[Opening Dataset records section]

(* For every $n$, let $C_n\subseteq\mathcal C(G'')$ be a discrete (multi-)set of pointed perturbed diamonds with parameter $n$ (i.e. elements of the form $(D_n(x''),x'')$). Assume that for every $T<\infty$, $\lim_n |C_n\cap A_{n,T}|=0$. Then every subsequential limit of $(C_n)_n$ in $\mathcal C(G'')$ consists only of perturbed pointed horoballs of type II (possibly with infinite delay).
   Context: $G,G'$ are finitely generated groups with neutral elements $o,o'$, word metrics $d,d'$ from Cayley graphs with respect to finite generating sets, ball volumes $v_n,v'_n$, growth rates $a=\lim v_n^{1/n}>1$, $a'=\lim (v'_n)^{1/n}>1$, and $c:=\log a/\log a'$. $G''=G\times G'$ has origin $o''=(o,o')$ and metric $\rho_c((x,x'),(y,y'))=d(x,y)+d'(x',y')/c$. Fix a non-decreasing $f:\mathbb Z_{\ge0}\to\mathbb Z_{\ge0}$ and a strictly increasing sequence $(r_j)$ in $\mathbb Z_{\ge0}$ with $f(0)=0$, $r'_j:=f(r_j)$, $0<\inf_n v'_{r'_n}/v_{r_n}\le \sup_n v'_{r'_n}/v_{r_n}<\infty$ and $\forall m\,\exists N\,\forall n\ge N:|f(n+m)-f(n)-cm|\le1$. Perturbed diamond: $D_n(x''):=\bigcup_{t=0}^{r_n}\{(y,y'):d(x,y)=r_n-t,\ d'(x',y')\le f(t)\}$ for $x''=(x,x')$. Horocompactification $\overline{G''}$ of $(G'',\rho_c)$: with $\rho_{x''}(y'')=\rho_c(x'',y'')-\rho_c(x'',o'')$, the closure of $\{\rho_{x''}\}$ among $1$-Lipschitz functions vanishing at $o''$ under pointwise convergence; similarly $\overline G,\overline{G'}$ and boundaries $\partial G=\overline G\setminus G$, $\partial G'$. For $\theta\in\partial G$, $\theta'\in\partial G'$, $(\theta,\theta')\in\partial G''$ is the function $(y,y')\mapsto d_\theta(y)+d_{\theta'}(y')/c$. $\mathcal C(G'')$ is the space of pairs $(B,\theta)$ with $B\subseteq G''$ nonempty and $\theta\in\overline{G''}$, with the product of the Fell topology (pointwise convergence of indicators) and the topology of $\overline{G''}$; a discrete set in $\mathcal C(G'')$ is a multiset such that each $y''\in G''$ lies in $B$ for only finitely many of its elements $(B,\theta)$, and convergence of discrete sets is vague convergence of the associated counting measures. A pointed perturbed diamond is $(D_n(x''),x'')$. $A_{n,T}$ is the set of pointed perturbed diamonds with parameter $n$ whose center $(x,x')$ satisfies either ($d(o,x)<r_n+T$ and $d'(o',x')<T$) or ($d'(o',x')<r'_n+T$ and $d(o,x)<T$). A perturbed pointed horoball of type II is a pointed set $(B,\theta'')$ which is a limit in $\mathcal C(G'')$ of pointed perturbed diamonds $(D_{n_k}(x''_k),x''_k)$ (along parameters $n_k\to\infty$) with centers $x''_k=(x_k,x'_k)$ satisfying $d(x_k,o)\to\infty$ and $d'(x'_k,o')\to\infty$ (then $\theta''\in\partial G\times\partial G'$); additionally $(G'',\theta'')$ for any $\theta''\in\partial G\times\partial G'$ counts as a perturbed pointed horoball of type II with infinite delay. *)

From mathcomp Require Import all_boot all_order all_algebra.
From mathcomp Require Import monoid.
From Stdlib Require List.
From mathcomp Require Import all_classical all_reals all_analysis.

Set Implicit Arguments.
Unset Strict Implicit.
Unset Printing Implicit Defensive.

Import Order.TTheory GRing.Theory Num.Theory.
Import numFieldNormedType.Exports.
Local Open Scope classical_set_scope.
Local Open Scope ring_scope.

Definition word_prod (G : groupType) (w : seq G) : G :=
  foldr (fun s acc => monoid.mul s acc) monoid.one w.

Definition word_in (G : groupType) (S : seq G) (w : seq G) : Prop :=
  forall s, List.In s w -> exists t, List.In t S /\ (s = t \/ s = monoid.inv t).

Definition is_word_metric (G : groupType) (S : seq G) (d : G -> G -> nat) : Prop :=
  forall x y n, (d x y <= n)%N <->
    exists w : seq G, (size w <= n)%N /\ word_in S w /\ y = monoid.mul x (word_prod w).

Definition is_ball_volume (G : groupType) (d : G -> G -> nat) (v : nat -> nat) : Prop :=
  forall n : nat, ([set y | (d monoid.one y <= n)%N] #= `I_(v n))%card.

Definition growth_rate (R : realType) (v : nat -> nat) (a : R) : Prop :=
  (fun n : nat => ((v n)%:R : R) `^ (n%:R)^-1) @ \oo --> a.

Definition horo_fun (R : realType) (T : Type) (dist : T -> T -> R) (o x : T)
  : {ptws T -> R} := fun y => dist x y - dist x o.

Definition horo_compactification (R : realType) (T : Type) (dist : T -> T -> R) (o : T)
  : set {ptws T -> R} := closure (range (horo_fun dist o)).

Definition horo_boundary (R : realType) (T : Type) (dist : T -> T -> R) (o : T)
  : set {ptws T -> R} :=
  horo_compactification dist o `\` range (horo_fun dist o).

Definition rho_c (R : realType) (G G' : Type) (d : G -> G -> nat) (d' : G' -> G' -> nat)
  (c : R) (p q : G * G') : R :=
  (d p.1 q.1)%:R + (d' p.2 q.2)%:R / c.

(* points of C(G''): (indicator of B, theta) with Fell (pointwise) topology
   times the pointwise topology on horofunctions *)
Definition Cpt (R : realType) (G G' : Type) : Type :=
  ({ptws (G * G')%type -> bool} * {ptws (G * G')%type -> R})%type.

Definition CG (R : realType) (G G' : groupType) (d : G -> G -> nat) (d' : G' -> G' -> nat)
  (c : R) : set (Cpt R G G') :=
  [set p : Cpt R G G' | (exists y, p.1 y) /\
           horo_compactification (rho_c d d' c) (monoid.one, monoid.one) p.2].

Definition in_diamond (G G' : Type) (d : G -> G -> nat) (d' : G' -> G' -> nat)
  (f : nat -> nat) (r : nat -> nat) (n : nat) (x y : G * G') : Prop :=
  exists t : nat, (t <= r n)%N /\ d x.1 y.1 = (r n - t)%N /\ (d' x.2 y.2 <= f t)%N.

Definition pdiamond (R : realType) (G G' : groupType) (d : G -> G -> nat)
  (d' : G' -> G' -> nat) (c : R) (f r : nat -> nat) (n : nat) (x : G * G')
  : Cpt R G G' :=
  ((fun y => `[< in_diamond d d' f r n x y >]) : {ptws (G * G')%type -> bool},
   horo_fun (rho_c d d' c) (monoid.one, monoid.one) x).

(* A_{n,T}: pointed perturbed diamonds with parameter n and center close
   to one of the two "axes" *)
Definition A_set (R : realType) (G G' : groupType) (d : G -> G -> nat)
  (d' : G' -> G' -> nat) (c : R) (f r : nat -> nat) (n : nat) (T : R)
  : set (Cpt R G G') :=
  [set p : Cpt R G G' | exists x : G * G', p = pdiamond d d' c f r n x /\
     (((d monoid.one x.1)%:R < (r n)%:R + T /\ (d' monoid.one x.2)%:R < T) \/
      ((d' monoid.one x.2)%:R < (f (r n))%:R + T /\ (d monoid.one x.1)%:R < T))].

Definition horoball_II (R : realType) (G G' : groupType) (d : G -> G -> nat)
  (d' : G' -> G' -> nat) (c : R) (f r : nat -> nat) (p : Cpt R G G') : Prop :=
  (CG d d' c p /\
   exists (nk : nat -> nat) (xk : nat -> (G * G')%type),
     (forall M : nat, \forall k \near \oo, (M <= nk k)%N) /\
     (forall M : nat, \forall k \near \oo, (M <= d (xk k).1 monoid.one)%N) /\
     (forall M : nat, \forall k \near \oo, (M <= d' (xk k).2 monoid.one)%N) /\
     (fun k => pdiamond d d' c f r (nk k) (xk k)) @ \oo --> p)
  \/
  (p.1 = (fun _ => true) /\
   exists (th : {ptws G -> R}) (th' : {ptws G' -> R}),
     horo_boundary (fun x y => (d x y)%:R) monoid.one th /\
     horo_boundary (fun x y => (d' x y)%:R) monoid.one th' /\
     p.2 = (fun y => th y.1 + th' y.2 / c)).

(* a multiset is given by its multiplicity function m *)
Definition discrete_set (R : realType) (G G' : groupType) (d : G -> G -> nat)
  (d' : G' -> G' -> nat) (c : R) (m : Cpt R G G' -> nat) : Prop :=
  (forall p, (m p != 0)%N -> CG d d' c p) /\
  (forall y : G * G', finite_set [set p : Cpt R G G' | (m p != 0)%N /\ p.1 y]).

Definition count_integral (R : realType) (G G' : Type)
  (m : Cpt R G G' -> nat) (phi : Cpt R G G' -> R) : R :=
  \sum_(p \in [set p : Cpt R G G' | (m p != 0)%N]) (m p)%:R * phi p.

Definition Cc_fun (R : realType) (G G' : groupType) (d : G -> G -> nat)
  (d' : G' -> G' -> nat) (c : R) (phi : Cpt R G G' -> R) : Prop :=
  {within CG d d' c, continuous phi} /\
  exists K : set (Cpt R G G'), K `<=` CG d d' c /\ compact K /\
    (forall p, CG d d' c p -> ~ K p -> phi p = 0).

Definition vague_cvg (R : realType) (G G' : groupType) (d : G -> G -> nat)
  (d' : G' -> G' -> nat) (c : R) (ms : nat -> Cpt R G G' -> nat)
  (m : Cpt R G G' -> nat) : Prop :=
  forall phi, Cc_fun d d' c phi ->
    (fun k => count_integral (ms k) phi) @ \oo --> count_integral m phi.

(* Fix p charged by the limit Cl and a point y0 of its set. For each j, test
   Cl against the continuous compactly supported function that is positive at
   p and vanishes unless a point agrees with p in its set on the j-ball around
   o and is 1/(j+1)-close to p in its horofunction there. Vague convergence
   makes its integral against C (nk k) positive for large k, while C (nk k)
   eventually does not charge A_{nk k, j}: some charged pointed diamond close
   to p lies outside A_{nk k, j}. Its diamond contains y0, so its centre is
   within r n + O(1) of o in G and within f (r n) + O(1) in G'; avoiding
   A_{nk k, j} then forces both coordinates of the centre to distance at
   least j from o. These diamonds converge to p as j grows. *)

From mathcomp Require Import all_boot all_order all_algebra.
From mathcomp Require Import monoid.
From mathcomp Require Import all_classical all_reals all_analysis.
From mathcomp Require Import lra zify.
Import Order.TTheory GRing.Theory Num.Theory.
Import numFieldNormedType.Exports.
Local Open Scope classical_set_scope.
Local Open Scope ring_scope.
Set Implicit Arguments.
Unset Strict Implicit.
Unset Printing Implicit Defensive.

Section WordMetric.
Variables (G : groupType) (S : seq G) (d : G -> G -> nat).
Hypothesis Hd : is_word_metric S d.

Lemma word_prod_cat (w1 w2 : seq G) :
  word_prod (w1 ++ w2) = monoid.mul (word_prod w1) (word_prod w2).
Proof. by elim: w1 => [|s w IH] /=; rewrite ?mul1g // IH mulgA. Qed.
Lemma decay_step (R : realFieldType) (B K x y : R) : 0 <= K -> 0 <= y <= x ->
  B * y <= B * x - x ^+ 2 -> K * x <= B -> (K + 1) * y <= B.
Proof.
move=> K0 /andP[y0 yx] step Kx.
have x0 : 0 <= x := le_trans y0 yx.
have B0 : 0 <= B := le_trans (mulr_ge0 K0 x0) Kx.
(* B^2 - (K+1)(Bx - x^2) is (B - Kx)(B - x) + x^2, and also B^2 + (K+1)x(x - B) *)
have key : (K + 1) * (B * x - x ^+ 2) <= B ^+ 2.
  have [xB|Bx] := lerP x B.
    have : 0 <= (B - K * x) * (B - x) by rewrite mulr_ge0 ?subr_ge0.
    by have := sqr_ge0 x; nra.
  have : 0 <= (K + 1) * x * (x - B) by apply: mulr_ge0; [apply: mulr_ge0|]; lra.
  by have := sqr_ge0 B; nra.
have [B_eq0|B_neq0] := eqVneq B 0.
  have x_eq0 : x = 0.
    by apply/eqP; rewrite -sqrf_eq0 eq_le sqr_ge0 andbT; rewrite B_eq0 in step; lra.
  have y_eq0 : y = 0 by apply/le_anti; rewrite y0 -x_eq0 yx.
  by rewrite y_eq0 mulr0.
have B_gt0 : 0 < B by rewrite lt_def B_neq0.
by rewrite -(ler_pM2l B_gt0); nra.
Qed.

Lemma greedy_decay_bound (R : realFieldType) (a c : nat -> R) (A : R) :
  (forall k, 0 <= a k) -> (forall k, a k.+1 <= a k - c k ^+ 2) ->
  (forall k, a k <= A * c k) -> forall k, k%:R * a k <= A ^+ 2.
Proof.
move=> a_ge0 a_decr a_le; elim=> [|k IH]; first by rewrite mul0r sqr_ge0.
rewrite -natr1; apply: decay_step IH => //.
- by rewrite a_ge0 (le_trans (a_decr k)) // lerBlDr lerDl sqr_ge0.
- have : a k ^+ 2 <= (A * c k) ^+ 2 by rewrite lerXn2r ?nnegrE ?(le_trans (a_ge0 k)).
  by have := a_decr k; have := sqr_ge0 A; rewrite exprMn; nra.
Qed.

Section PowR.
Variable R : realType.
Implicit Types x y z t a : R.

Lemma powR_split a x : 0 <= x -> x = x `^ (1 - a) * x `^ a.
Proof. by move=> x0; rewrite -powRD subrK ?powRr1// oner_eq0. Qed.
Lemma noise_le_oracle {Gnext : set (set T)} {sigma : R} {d : nat}
    {U : T -> 'rV[R]_d -> 'rV[R]_d} {Y : T -> 'rV[R]_d} :
  Gnext `<=` measurable -> oracle P G Gnext sigma U -> meas_wrt G Y ->
  noise_le P G (fun w => enorm (U w (Y w)) ^+ 2)%R (sigma ^+ 2).
Proof.
move=> Gnext_meas oracleU Y_meas; have [UY_meas _ _ moment] := oracleU Y Y_meas.
split; [exact: sqr_ge0 | exact: measurable_enorm_sqr Gnext_meas UY_meas |
        by move=> w; exact: sqr_ge0 |].
by move=> A GA; rewrite integral_cst; [exact: moment | exact: G_meas _ GA].
Qed.

Lemma cond_le_noise {Z h N : T -> R} {s : R} :
  measurable_fun setT Z -> measurable_fun setT h ->
  (forall w, 0 <= Z w)%R -> (forall w, 0 <= h w)%R -> noise_le P G N s ->
  (forall w, Z w <= h w + N w)%R -> cond_le P G Z (fun w => h w + s)%R.
Proof.
move=> mZ mh Z_ge0 h_ge0 [s_ge0 mN N_ge0 le] Z_le A GA; have mA := G_meas _ GA.
apply: (@le_trans _ _ (\int[P]_(w in A) ((h w)%:E + (N w)%:E))).
  apply: ge0_le_integral => //.
  - by move=> w _; rewrite lee_fin.
  - exact/measurable_EFinP/measurable_funTS.
  - by apply: emeasurable_funD; exact/measurable_EFinP/measurable_funTS.
  - by move=> w _; rewrite -EFinD lee_fin.
under [X in _ <= X]eq_integral do rewrite EFinD.
rewrite ge0_integralD // 1?[X in _ <= X]ge0_integralD //.
- exact: leeD2l (le A GA).
all: by [move=> w _; rewrite lee_fin | exact/measurable_EFinP/measurable_funTS].
Qed.

End Noise.

Lemma noise_le_sub {dT : measure_display} {T : measurableType dT} {R : realType}
    {P : probability T R} {G G' : set (set T)} {N : T -> R} {s : R} :
  G' `<=` G -> noise_le P G N s -> noise_le P G' N s.
Proof. by move=> G'G [s_ge0 mN N_ge0 le]; split=> // A /G'G; exact: le. Qed.

Lemma Vfun_ge1 {R : realType} {d : nat} (x c : 'rV[R]_d) : 1 <= Vfun x c.
Proof. by rewrite /Vfun lerDr sqr_ge0. Qed.

Definition lyapunov_drift {dT : measure_display} {T : measurableType dT}
    {R : realType} {d : nat} (P : probability T R) (Fl : nat -> set (set T))
    (X : nat -> T -> 'rV[R]_d) (xs : 'rV[R]_d) :=
  exists c1 c2 : R, [/\ 0 < c1, c1 < 1, 0 < c2 &
    forall t, cond_le P (Fl t) (fun w => Vfun (X t.+1 w) xs)
                               (fun w => c1 * Vfun (X t w) xs + c2)].

Section Lyapunov.
Context {dT : measure_display} {T : measurableType dT} {R : realType} {d : nat}.
Context {P : probability T R} {Fl : nat -> set (set T)}.
Context {X : nat -> T -> 'rV[R]_d} {xs : 'rV[R]_d}.
Context (filt : filtration Fl) (adapted : forall t, meas_wrt (Fl t) (X t)).

Let Fl_meas t : Fl t `<=` measurable := (filt.1 t).2.

Lemma lyapunov_drift_perturbed {g : 'rV[R]_d -> 'rV[R]_d} {N : nat -> T -> R} {s : R} :
  geometric_drift g xs ->
  (forall t w, dotv (X t.+1 w - g (X t w)) (X t.+1 w - g (X t w)) <= N t w) ->
  (forall t, noise_le P (Fl t) (N t) s) ->
  lyapunov_drift P Fl X xs.
Proof.
move=> [q [C [q_ge0 q_lt1 C_ge0 drift]]] deviation noise.
have [q' [C' [K [q'_gt0 q'_lt1 C'_ge0 K_ge0 perturb]]]] :=
  dotvvD_perturb (d := d) q_ge0 q_lt1 C_ge0.
have [s_ge0 _ _ _] := noise 0%N.
have Ks_ge0 := mulr_ge0 K_ge0 s_ge0.
exists q', (C' + 1 - q' + K * s); split => //; first lra.
move=> t; have mV n : measurable_fun setT (fun w => Vfun (X n w) xs).
  exact: measurable_funD (measurable_enorm_sqrB (Fl_meas n) (adapted n) xs) _.
pose h w := q' * Vfun (X t w) xs + (C' + 1 - q').
have -> : (fun w => q' * Vfun (X t w) xs + (C' + 1 - q' + K * s)) =
          (fun w => h w + K * s) by apply: funext => w; rewrite /h addrA.
apply: (cond_le_noise (Fl_meas t) _ _ _ _ (noise_leZ (Fl_meas t) K_ge0 (noise t))).
- exact: mV.
- exact: measurable_funD (measurable_funM _ (mV t)) _.
- by move=> w; apply: le_trans (Vfun_ge1 _ _).
- by move=> w; rewrite /h addr_ge0 ?mulr_ge0 ?(le_trans _ (Vfun_ge1 _ _)) //; lra.
move=> w; rewrite /h /Vfun !enorm_sqr.
have := perturb _ (X t.+1 w - g (X t w)) _ (dotvv_ge0 _) (drift (X t w)).
rewrite addrC addrA subrK.
have := ler_wpM2l K_ge0 (deviation t w); lra.
Qed.

Implicit Types (x y : 'rV[R]_d).
Context {F : 'rV[R]_d -> 'rV[R]_d} {x0 : 'rV[R]_d} {lam mu sigma gamma : R}.
Context {U : nat -> T -> 'rV[R]_d -> 'rV[R]_d}.
Context (lam_ge0 : 0 <= lam) (mu_gt0 : 0 < mu).
Context (coercive :
  forall x, dotv (F x) (x - x0) >= mu * enorm (x - x0) ^+ 2 - lam).
Context (oracleU : forall t, oracle P (Fl t) (Fl t.+1) sigma (U t)).

Let noiseU t := noise_le_oracle (Fl_meas t) (Fl_meas t.+1) (oracleU t) (adapted t).

Lemma lyapunov_drift_sgda {G : R} :
  (forall t w, X t.+1 w = X t w - gamma *: (F (X t w) + U t w (X t w))) ->
  (forall x, enorm (F x) <= G * (1 + enorm x)) ->
  0 < gamma -> gamma < mu / G ^+ 2 ->
  lyapunov_drift P Fl X xs.
Proof.
move=> step growth gamma_gt0 gamma_lt.
apply: (lyapunov_drift_perturbed (g := sgda_map F gamma)
    (N := fun t w => gamma ^+ 2 * enorm (U t w (X t w)) ^+ 2)
    (s := gamma ^+ 2 * sigma ^+ 2)).
- apply: (geometric_drift_recenter _ x0).
  exact (geometric_drift_sgda F lam_ge0 mu_gt0 coercive growth gamma_gt0 gamma_lt).
- by move=> t w; rewrite step sgda_step_deviation.
- by move=> t; exact (noise_leZ (Fl_meas t) (sqr_ge0 gamma) (noiseU t)).
Qed.

Lemma lyapunov_drift_seg {L alpha : R} {Hh : nat -> set (set T)}
    {Xh : nat -> T -> 'rV[R]_d} {Uh : nat -> T -> 'rV[R]_d -> 'rV[R]_d} :
  (forall t, Hh t `<=` measurable) -> (forall t, Fl t `<=` Hh t) ->
  (forall t, meas_wrt (Hh t) (Xh t)) ->
  (forall t, oracle P (Hh t) (Fl t.+1) sigma (Uh t)) ->
  (forall t w, Xh t w = X t w - gamma *: (F (X t w) + U t w (X t w))) ->
  (forall t w, X t.+1 w = X t w - (alpha * gamma) *: (F (Xh t w) + Uh t w (Xh t w))) ->
  0 <= L -> (forall x y, enorm (F x - F y) <= L * enorm (x - y)) ->
  0 < gamma -> gamma < 1 / (2 * mu + Num.sqrt 3 * L) -> 0 < alpha -> alpha < 1 ->
  lyapunov_drift P Fl X xs.
Proof.
move=> Hh_meas Fl_Hh adaptedh oracleUh stepH step L_ge0 lip gamma_gt0 gamma_lt
  alpha_gt0 alpha_lt1.
have noiseUh t := noise_le_sub (Fl_Hh t)
  (noise_le_oracle (Hh_meas t) (Fl_meas t.+1) (oracleUh t) (adaptedh t)).
have Lgamma_ge0 : 0 <= 2 * (L ^+ 2 * gamma ^+ 2).
  by rewrite mulr_ge0 // mulr_ge0 // sqr_ge0.
apply: (lyapunov_drift_perturbed (g := seg_map F gamma alpha)
    (N := fun t w => (alpha * gamma) ^+ 2 *
      (2 * (L ^+ 2 * gamma ^+ 2) * enorm (U t w (X t w)) ^+ 2 +
       2 * enorm (Uh t w (Xh t w)) ^+ 2))
    (s := (alpha * gamma) ^+ 2 *
      (2 * (L ^+ 2 * gamma ^+ 2) * sigma ^+ 2 + 2 * sigma ^+ 2))).
- apply: (geometric_drift_recenter _ x0).
  exact (geometric_drift_seg F lam_ge0 mu_gt0 coercive L_ge0 lip gamma_gt0 gamma_lt
    alpha_gt0 alpha_lt1).
- by move=> t w; rewrite step; exact (seg_step_deviation F lip (stepH t w)).
- move=> t; exact (noise_leZ (Fl_meas t) (sqr_ge0 _) (noise_leD (Fl_meas t)
    (noise_leZ (Fl_meas t) Lgamma_ge0 (noiseU t))
    (noise_leZ (Fl_meas t) (ler0n _ 2) (noiseUh t)))).
Qed.

End Lyapunov.

Theorem corollary1
  (R : realType) (d : nat) (dT : measure_display) (T : measurableType dT)
  (P : probability T R)
  (F : 'rV[R]_d -> 'rV[R]_d) (Rb : R) (xR x0 : 'rV[R]_d)
  (lam mu sigma : R)
  (Fl : nat -> set (set T)) (X : nat -> T -> 'rV[R]_d)
  (U : nat -> T -> 'rV[R]_d -> 'rV[R]_d)
  (Hh : nat -> set (set T)) (Xh : nat -> T -> 'rV[R]_d)
  (Uh : nat -> T -> 'rV[R]_d -> 'rV[R]_d)
  (gamma alpha Gc L : R) :
  (* F Borel measurable (implicit in the paper) *)
  borel_fun F ->
  (* X* nonempty, containing a point of norm <= R *)
  F xR = 0 -> enorm xR <= Rb ->
  (* the coercivity-type condition at some x0 in X* *)
  F x0 = 0 -> 0 <= lam -> 0 < mu ->
  (forall x, dotv (F x) (x - x0) >= mu * enorm (x - x0) ^+ 2 - lam) ->
  (* stochastic oracle *)
  0 < sigma ->
  filtration Fl ->
  (forall t, meas_wrt (Fl t) (X t)) ->
  (forall t, oracle P (Fl t) (Fl t.+1) sigma (U t)) ->
  (* (i) SGDA  or  (ii) SEG *)
  ( ( (forall t w, X t.+1 w = X t w - gamma *: (F (X t w) + U t w (X t w))) /\
      (forall x, enorm (F x) <= Gc * (1 + enorm x)) /\
      0 < gamma /\ gamma < mu / Gc ^+ 2 )
    \/
    ( (forall t, sub_sigma (Hh t)) /\
      (forall t, Fl t `<=` Hh t /\ Hh t `<=` Fl t.+1) /\
      (forall t, meas_wrt (Hh t) (Xh t)) /\
      (forall t, oracle P (Hh t) (Fl t.+1) sigma (Uh t)) /\
      (forall t w, Xh t w = X t w - gamma *: (F (X t w) + U t w (X t w))) /\
      (forall t w, X t.+1 w =
          X t w - (alpha * gamma) *: (F (Xh t w) + Uh t w (Xh t w))) /\
      0 <= L /\ (forall x y, enorm (F x - F y) <= L * enorm (x - y)) /\
      0 < gamma /\ gamma < 1 / (2 * mu + Num.sqrt 3 * L) /\
      0 < alpha /\ alpha < 1 ) ) ->
  forall xs : 'rV[R]_d, F xs = 0 ->
  exists c1 c2 : R, [/\ 0 < c1, c1 < 1, 0 < c2 &
    forall t : nat,
      cond_le P (Fl t) (fun w => Vfun (X t.+1 w) xs)
                       (fun w => c1 * Vfun (X t w) xs + c2)].
Proof.
move=> _ _ _ _ lam_ge0 mu_gt0 coercive _ filt adapted oracleU algorithm xs _.
case: algorithm => [[step [growth [gamma_gt0 gamma_lt]]] |
  [Hh_sub [Hh_between [adaptedh [oracleUh [stepH [step
    [L_ge0 [lip [gamma_gt0 [gamma_lt [alpha_gt0 alpha_lt1]]]]]]]]]]]].
- exact (lyapunov_drift_sgda filt adapted lam_ge0 mu_gt0 coercive oracleU
    step growth gamma_gt0 gamma_lt).
- exact (lyapunov_drift_seg filt adapted lam_ge0 mu_gt0 coercive oracleU
    (fun t => (Hh_sub t).2) (fun t => (Hh_between t).1) adaptedh oracleUh
    stepH step L_ge0 lip gamma_gt0 gamma_lt alpha_gt0 alpha_lt1).
Qed.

[Closing Dataset records section]

__Task to carry out__
Could you set down, exactly as written, the lines above between the one holding "((d' monoid.one x.2)%:R" and the one holding "Definition Cc_fun (R", inclusive, and nothing more?

__Exercise output__
      ((d' monoid.one x.2)%:R < (f (r n))%:R + T /\ (d monoid.one x.1)%:R < T))].

Definition horoball_II (R : realType) (G G' : groupType) (d : G -> G -> nat)
  (d' : G' -> G' -> nat) (c : R) (f r : nat -> nat) (p : Cpt R G G') : Prop :=
  (CG d d' c p /\
   exists (nk : nat -> nat) (xk : nat -> (G * G')%type),
     (forall M : nat, \forall k \near \oo, (M <= nk k)%N) /\
     (forall M : nat, \forall k \near \oo, (M <= d (xk k).1 monoid.one)%N) /\
     (forall M : nat, \forall k \near \oo, (M <= d' (xk k).2 monoid.one)%N) /\
     (fun k => pdiamond d d' c f r (nk k) (xk k)) @ \oo --> p)
  \/
  (p.1 = (fun _ => true) /\
   exists (th : {ptws G -> R}) (th' : {ptws G' -> R}),
     horo_boundary (fun x y => (d x y)%:R) monoid.one th /\
     horo_boundary (fun x y => (d' x y)%:R) monoid.one th' /\
     p.2 = (fun y => th y.1 + th' y.2 / c)).

(* a multiset is given by its multiplicity function m *)
Definition discrete_set (R : realType) (G G' : groupType) (d : G -> G -> nat)
  (d' : G' -> G' -> nat) (c : R) (m : Cpt R G G' -> nat) : Prop :=
  (forall p, (m p != 0)%N -> CG d d' c p) /\
  (forall y : G * G', finite_set [set p : Cpt R G G' | (m p != 0)%N /\ p.1 y]).

Definition count_integral (R : realType) (G G' : Type)
  (m : Cpt R G G' -> nat) (phi : Cpt R G G' -> R) : R :=
  \sum_(p \in [set p : Cpt R G G' | (m p != 0)%N]) (m p)%:R * phi p.

Definition Cc_fun (R : realType) (G G' : groupType) (d : G -> G -> nat)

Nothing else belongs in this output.